Editor’s note: the following is part of a series of articles from ELCA theologians, Rostered Ministers, seminarians/professors and other contributes that features individual viewpoints on the Reformation’s importance on the occasion of the 500th anniversary. This article reflects the perspectives and thoughts of the author and not necessarily the theological, ethical, or social stances of the Evangelical Lutheran Church in America or Living Lutheran.

Dietrich Bonhoeffer has captivated the interest and respect of those within, and outside of, the church arguably more than any other theologian in the 20th and 21st centuries. His narrative has become well-known as evidenced by the proliferation of publications by and about this Lutheran pastor who was imprisoned and executed by Adolf Hitler in the last days of World War II.

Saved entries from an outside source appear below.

(* Let $\Sigma$ be a finite alphabet, let $\mathbf{w}$ be a right-infinite word over $\Sigma$, and let $L_{\mathbf w}$ be its Lie complexity function and $p_{\mathbf w}$ its factor complexity function. Then for each $n\ge 1$, $$L_{\mathbf w}(n)\le p_{\mathbf w}(n)-p_{\mathbf w}(n-1)+1.$$ In particular, if $\mathbf w$ has linear factor complexity, then $L_{\mathbf w}(n)$ is bounded above by a constant independent of $n$.
   Context: A factor of $\mathbf w$ is a finite block of contiguous symbols of $\mathbf w$ (the empty word included); $\mathrm{Fac}(\mathbf w)$ is the set of factors. The factor complexity $p_{\mathbf w}(n)$ is the number of distinct factors of $\mathbf w$ of length $n$ (so $p_{\mathbf w}(0)=1$). Two words are cyclically equivalent ($v\sim_C v'$) if each is a cyclic shift (conjugate) of the other; $[v]_C$ denotes the class of $v$. The Lie complexity is $L_{\mathbf w}(n)=\#\{[v]_C : |v|=n,\ [v]_C\subseteq \mathrm{Fac}(\mathbf w)\}$, i.e. the number of cyclic classes of length-$n$ words all of whose members are factors of $\mathbf w$. $\mathbf w$ has linear factor complexity if there are constants $A,B$ with $p_{\mathbf w}(n)\le An+B$ for all $n$. *)

From mathcomp Require Import all_boot all_algebra.
From mathcomp Require Import boolp.
Set Implicit Arguments. Unset Strict Implicit. Unset Printing Implicit Defensive.

Definition infword (Sigma : finType) := nat -> Sigma.

Definition is_factor (Sigma : finType) (w : infword Sigma) (v : seq Sigma) : Prop :=
  exists i : nat, v = mkseq (fun k => w (i + k)) (size v).

Definition factors_n (Sigma : finType) (w : infword Sigma) (n : nat)
  : {set n.-tuple Sigma} :=
  [set t : n.-tuple Sigma | `[< is_factor w t >] ].

Definition factor_complexity (Sigma : finType) (w : infword Sigma) (n : nat) : nat :=
  #|factors_n w n|.

Definition cyc_class (Sigma : finType) (n : nat) (t : n.-tuple Sigma)
  : {set n.-tuple Sigma} :=
  [set u : n.-tuple Sigma | [exists k : 'I_n.+1, val u == rot k (val t)]].

Definition lie_complexity (Sigma : finType) (w : infword Sigma) (n : nat) : nat :=
  #|[set cyc_class t | t in [set t : n.-tuple Sigma |
                                  cyc_class t \subset factors_n w n]]|.

Definition linear_factor_complexity (Sigma : finType) (w : infword Sigma) : Prop :=
  exists A B : nat, forall n : nat, factor_complexity w n <= A * n + B.

From mathcomp Require Import all_boot all_algebra.
Import GRing.Theory Num.Theory.
From mathcomp Require Import boolp zify.
Set Implicit Arguments. Unset Strict Implicit. Unset Printing Implicit Defensive.
Lemma Cmod_dvalue_dterm_sub_le (a : nat -> nat -> C) (s0 w0 s w : C) (B X delta : R) :
  (forall m n, (1 <= m)%nat -> (1 <= n)%nat -> Cmod (dterm a s0 w0 m n) <= B) ->
  2 <= X -> exp (- (X - 2) * ln 2) <= delta ->
  Re s0 + X <= Re s -> Re w0 + X <= Re w ->
  (exists l, dsum_to (dterm a s w) l) ->
  Cmod (dvalue (dterm a s w) - a 1%nat 1%nat) <= B * ((1 + delta) * (1 + delta) - 1).
Proof.
  intros HB HX Hdelta Hs Hw Hc.
  assert (HB0 : 0 <= B) by (eapply Rle_trans; [apply Cmod_ge_0|apply (HB 1%nat 1%nat); lia]).
  set (eX := fun i : nat => exp (- (Re s - Re s0) * ln (INR (S i)))).
  set (eY := fun j : nat => exp (- (Re w - Re w0) * ln (INR (S j)))).
  apply Cmod_dvalue_sub_le; [exact Hc|]. intros M N.
  unfold dpartial; simpl fst; simpl snd. rewrite <- (dterm_1_1 a s w).
  eapply Rle_trans.
  { apply (Cmod_dsum_sub_corner_le (fun i j => dterm a s w (S i) (S j))
             (fun i j => B * eX i * eY j)).
    intros i j. rewrite (Cmod_dterm_shift a s w s0 w0).
    apply Rmult_le_compat_r; [left; apply exp_pos|].
    apply Rmult_le_compat_r; [left; apply exp_pos|].
    apply HB; lia. }
  replace (sum_n (fun i => sum_n (fun j => B * eX i * eY j) N) M) with
    (B * sum_n eX M * sum_n eY N).
  2: { transitivity (sum_n (fun i => B * eX i) M * sum_n eY N).
       - f_equal. symmetry. exact (sum_n_mult_l (K := R_Ring) B eX M).
       - symmetry. rewrite <- (sum_n_ext (fun i => B * eX i * sum_n eY N)).
         + exact (sum_n_mult_r (K := R_Ring) (sum_n eY N) (fun i => B * eX i) M).
         + intros i. symmetry. exact (sum_n_mult_l (K := R_Ring) (B * eX i) eY N). }
  replace (B * eX 0%nat * eY 0%nat) with B
    by (unfold eX, eY; simpl INR; rewrite ln_1, !Rmult_0_r, exp_0; ring).
  assert (HsX := sum_exp_neg_ln_le X (Re s - Re s0) delta M HX ltac:(lra) Hdelta).
  assert (HsY := sum_exp_neg_ln_le X (Re w - Re w0) delta N HX ltac:(lra) Hdelta).
  assert (HX0 : 0 <= sum_n eX M) by (apply sum_n_nonneg; intros; left; apply exp_pos).
  assert (HY0 : 0 <= sum_n eY N) by (apply sum_n_nonneg; intros; left; apply exp_pos).
  fold eX in HsX. fold eY in HsY.
  assert (sum_n eX M * sum_n eY N <= (1 + delta) * (1 + delta))
    by (apply Rmult_le_compat; lra).
  nra.
Qed.
(* Let $S(A)=(a_n)$ be an independent Stanley sequence with character $\lambda$. Let $\ell$ be the minimum adequate integer for $S(A)$, and let $k\ge \ell$. Let $c$ be an integer with $$\lambda\le c\le a_{2^k-2^\ell}-\lambda.$$ Then the set $$A_k(c,A)=\{a_i\mid 0\le i<2^k\}\cup\{c+a_i\mid 2^k\le i<2^{k+1}\}$$ is 3-free, and the Stanley sequence $S_k(c,A)=S(A_k(c,A))$ is a regular Stanley sequence with core $S(A)$.
   Context: A set of non-negative integers is 3-free if no three of its elements form an arithmetic progression. For a finite 3-free set $A=\{a_0<\cdots<a_k\}$ of non-negative integers, the Stanley sequence $S(A)=(a_n)_{n\ge0}$ is the increasing sequence with initial terms $a_0,\ldots,a_k$ in which each subsequent $a_{n+1}$ is the smallest integer greater than $a_n$ such that $\{a_0,\ldots,a_{n+1}\}$ is 3-free. Throughout, Stanley sequences are in root position ($a_0=0$). A finite set $A'$ with $S(A')=S(A)$ is a nucleating set; a minimal nucleating set is one of minimal cardinality. A Stanley sequence $(a_n)$ is independent with character $\lambda$ if for all sufficiently large $k$: $a_{2^k+i}=a_{2^k}+a_i$ for $0\le i<2^k$, and $a_{2^k}=2a_{2^k-1}-\lambda+1$. An integer $k_0$ is adequate for an independent $S(A)$ if (i) these equations hold for all $k\ge k_0$ and (ii) $a_{2^{k_0}}$ is not contained in the minimal nucleating set of $S(A)$. A Stanley sequence $(b_n)$ is regular with core $(a'_n)$ if there exist constants $\lambda,\sigma$ and an independent Stanley sequence $(a'_n)$ of character $\lambda$ such that for all large $k$ and $0\le i<2^k$: $b_{2^k-\sigma+i}=b_{2^k-\sigma}+a'_i$ and $b_{2^k-\sigma}=2b_{2^k-\sigma-1}-\lambda+1$ (such data are unique). *)

From mathcomp Require Import all_boot all_order all_algebra.
Set Implicit Arguments. Unset Strict Implicit. Unset Printing Implicit Defensive.

Definition three_free (s : seq nat) : Prop :=
  forall x y z, x \in s -> y \in s -> z \in s -> x < y -> y < z ->
    x + z <> 2 * y.

Definition prefix (a : nat -> nat) (n : nat) : seq nat := map a (iota 0 n).

(* [stanley A a] : the sequence a is the Stanley sequence S(A), in root
   position (a_0 = 0). *)
Definition stanley (A : seq nat) (a : nat -> nat) : Prop :=
  [/\ uniq A, three_free A, a 0 = 0,
      (forall i, i < size A -> a i = nth 0 (sort leq A) i) &
      (forall n, size A <= n.+1 ->
         [/\ a n < a n.+1,
             three_free (prefix a n.+2) &
             forall m, a n < m -> m < a n.+1 ->
               ~ three_free (rcons (prefix a n.+1) m)])].

Definition nucleating (a : nat -> nat) (A' : seq nat) : Prop := stanley A' a.

Definition minimal_nucleating (a : nat -> nat) (A' : seq nat) : Prop :=
  nucleating a A' /\ forall B, nucleating a B -> size A' <= size B.

(* The independence equations at level k, with character lam:
   a_{2^k+i} = a_{2^k} + a_i (0 <= i < 2^k) and
   a_{2^k} = 2 a_{2^k - 1} - lam + 1  (written without subtraction). *)
Definition indep_eqs (a : nat -> nat) (lam : nat) (k : nat) : Prop :=
  (forall i, i < 2 ^ k -> a (2 ^ k + i) = a (2 ^ k) + a i) /\
  a (2 ^ k) + lam = 2 * a (2 ^ k - 1) + 1.

Definition independent (a : nat -> nat) (lam : nat) : Prop :=
  exists K, forall k, K <= k -> indep_eqs a lam k.

Definition adequate (a : nat -> nat) (lam : nat) (k0 : nat) : Prop :=
  (forall k, k0 <= k -> indep_eqs a lam k) /\
  (forall A', minimal_nucleating a A' -> a (2 ^ k0) \notin A').

Definition min_adequate (a : nat -> nat) (lam : nat) (l : nat) : Prop :=
  adequate a lam l /\ forall k0, adequate a lam k0 -> l <= k0.

(* the index 2^k - sigma, for an integer constant sigma (meaningful for
   large k, where 2^k > sigma). *)
Definition shifted (k : nat) (sigma : int) : nat :=
  absz ((Posz (2 ^ k) - sigma)%R).

Definition regular_with_core (b a' : nat -> nat) : Prop :=
  exists (lam : nat) (sigma : int),
    independent a' lam /\
    exists K, forall k, K <= k ->
      (0 < Posz (2 ^ k) - sigma)%R /\
      (forall i, i < 2 ^ k ->
         b (shifted k sigma + i) = b (shifted k sigma) + a' i) /\
      b (shifted k sigma) + lam = 2 * b (shifted k sigma - 1) + 1.

Definition Akc (a : nat -> nat) (k c : nat) : seq nat :=
  prefix a (2 ^ k) ++ [seq c + a i | i <- iota (2 ^ k) (2 ^ k)].

(* The Stanley sequence S_k(c, A) is given explicitly by b_i = a_i for i < 2^k
   and b_i = a_i + c 2^d on each level 2^(k+d) <= i < 2^(k+d+1).  Beyond level l,
   independence makes a self-similar: a_(2^j + i) = a_(2^j) + a_i and
   a_(2^(j+1)) = 3 a_(2^j).  Since the shift c 2^d doubles from level to level
   while lam <= c, no 3-AP of b straddles two levels, so b is 3-free.  For the
   greedy property, an integer strictly between two consecutive terms of b is
   reduced through the block structure to writing integers below a_(2^j), and
   negative integers down to - c 2^d, as 2 a_u - b_v with u, v < 2^j; the bound
   c + lam <= a_(2^k - 2^l) is what makes the negative range reachable at the
   first level.  Regularity of b, with core a and sigma = 0, is read off the
   level formula. *)

From Pilot Require Import Defs.
From mathcomp Require Import all_boot all_order all_algebra.
From mathcomp Require Import zify.
From Stdlib Require Import Classical.
Set Implicit Arguments. Unset Strict Implicit.

Definition ap_free (f : nat -> nat) : Prop :=
  forall p q r, p < q -> q < r -> f p + f r <> 2 * f q.

Lemma exp2_gt0 j : 0 < 2 ^ j. Proof. by rewrite expn_gt0. Qed.
Lemma exp2S j : 2 ^ j.+1 = 2 ^ j + 2 ^ j. Proof. by rewrite expnS mul2n addnn. Qed.
Lemma exp2_le i j : i <= j -> 2 ^ i <= 2 ^ j. Proof. by move=> h; rewrite leq_exp2l. Qed.

Lemma mem_prefixP (f : nat -> nat) N x :
  reflect (exists2 i, i < N & x = f i) (x \in Defs.prefix f N).
Proof.
apply: (iffP mapP) => [[i] | [i iN ->]]; last by exists i; rewrite // mem_iota.
by rewrite mem_iota add0n => /andP [_ iN] ->; exists i.
Qed.

Lemma mem_prefix (f : nat -> nat) N i : i < N -> f i \in Defs.prefix f N.
Proof. by move=> iN; apply/mem_prefixP; exists i. Qed.

Lemma prefix_three_free (f : nat -> nat) N :
  {homo f : i j / i < j} -> ap_free f -> three_free (Defs.prefix f N).
Proof.
move=> f_incr f_free x y z /mem_prefixP [p _ ->] /mem_prefixP [q _ ->]
  /mem_prefixP [r _ ->].
have f_lt := leqW_mono (leq_mono f_incr).
by rewrite !f_lt => pq qr; apply: f_free.
Qed.

Lemma sort_prefix (f : nat -> nat) N :
  {homo f : i j / i < j} -> sort leq (Defs.prefix f N) = Defs.prefix f N.
Proof.
move=> f_incr; apply: sorted_sort; first exact: leq_trans.
rewrite sorted_map; apply: (sub_sorted _ (iota_ltn_sorted 0 N)) => i j /=.
by move/f_incr/ltnW.
Qed.

Section StanleyBasics.

Variables (A : seq nat) (a : nat -> nat).
Hypothesis S : stanley A a.

Lemma stanley_incr : {homo a : i j / i < j}.
Proof.
case: S => uA _ _ a_init a_step.
suff a_succ n : a n < a n.+1 by apply: homo_ltn; [exact: ltn_trans|].
case: (leqP (size A) n.+1) => h; first by case: (a_step n h).
rewrite (a_init n (ltn_trans (ltnSn n) h)) (a_init n.+1 h).
have A_sorted : sorted ltn (sort leq A).
  by rewrite ltn_sorted_uniq_leq sort_uniq uA sort_sorted //; apply: leq_total.
apply: (sorted_ltn_nth ltn_trans 0 A_sorted); rewrite ?inE ?size_sort //; lia.
Qed.

Lemma stanley_free : ap_free a.
Proof.
move=> p q r pq qr; have a_lt := leqW_mono (leq_mono stanley_incr).
case: S => _ _ _ _ a_step.
have [_ F _] := a_step (r + size A) (leqW (leq_addl _ _)).
by apply: F; rewrite ?mem_prefix ?a_lt //; lia.
Qed.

When many Christians in Germany were silent as the Nazis tightened their grip in the 1930s, Bonhoeffer was rare in his perspective and his commitment. He was able to notice early in Hitler’s regime the ominous signs of the gathering storm of hatred. When those who were baptized stood by as their neighbors were taken to ghettos and death camps, or worse, when they participated, the young theologian called for the church to be the church. As a leader, pastor, educator and writer within the Confessing Church [1], he worked passionately to inspire the faithful to stand resolute against the political regime that was encroaching on the church of Jesus Christ. The very identity of the church was at stake. Bonhoeffer worked tirelessly in the international ecumenical movement, believing that the church transcended all national boundaries with only Christ at the center. He expected that if the church embraced its vocation to indeed be Christ in the world, then the illegitimate and deadly powers of the state, even the Nazi state, could be checked.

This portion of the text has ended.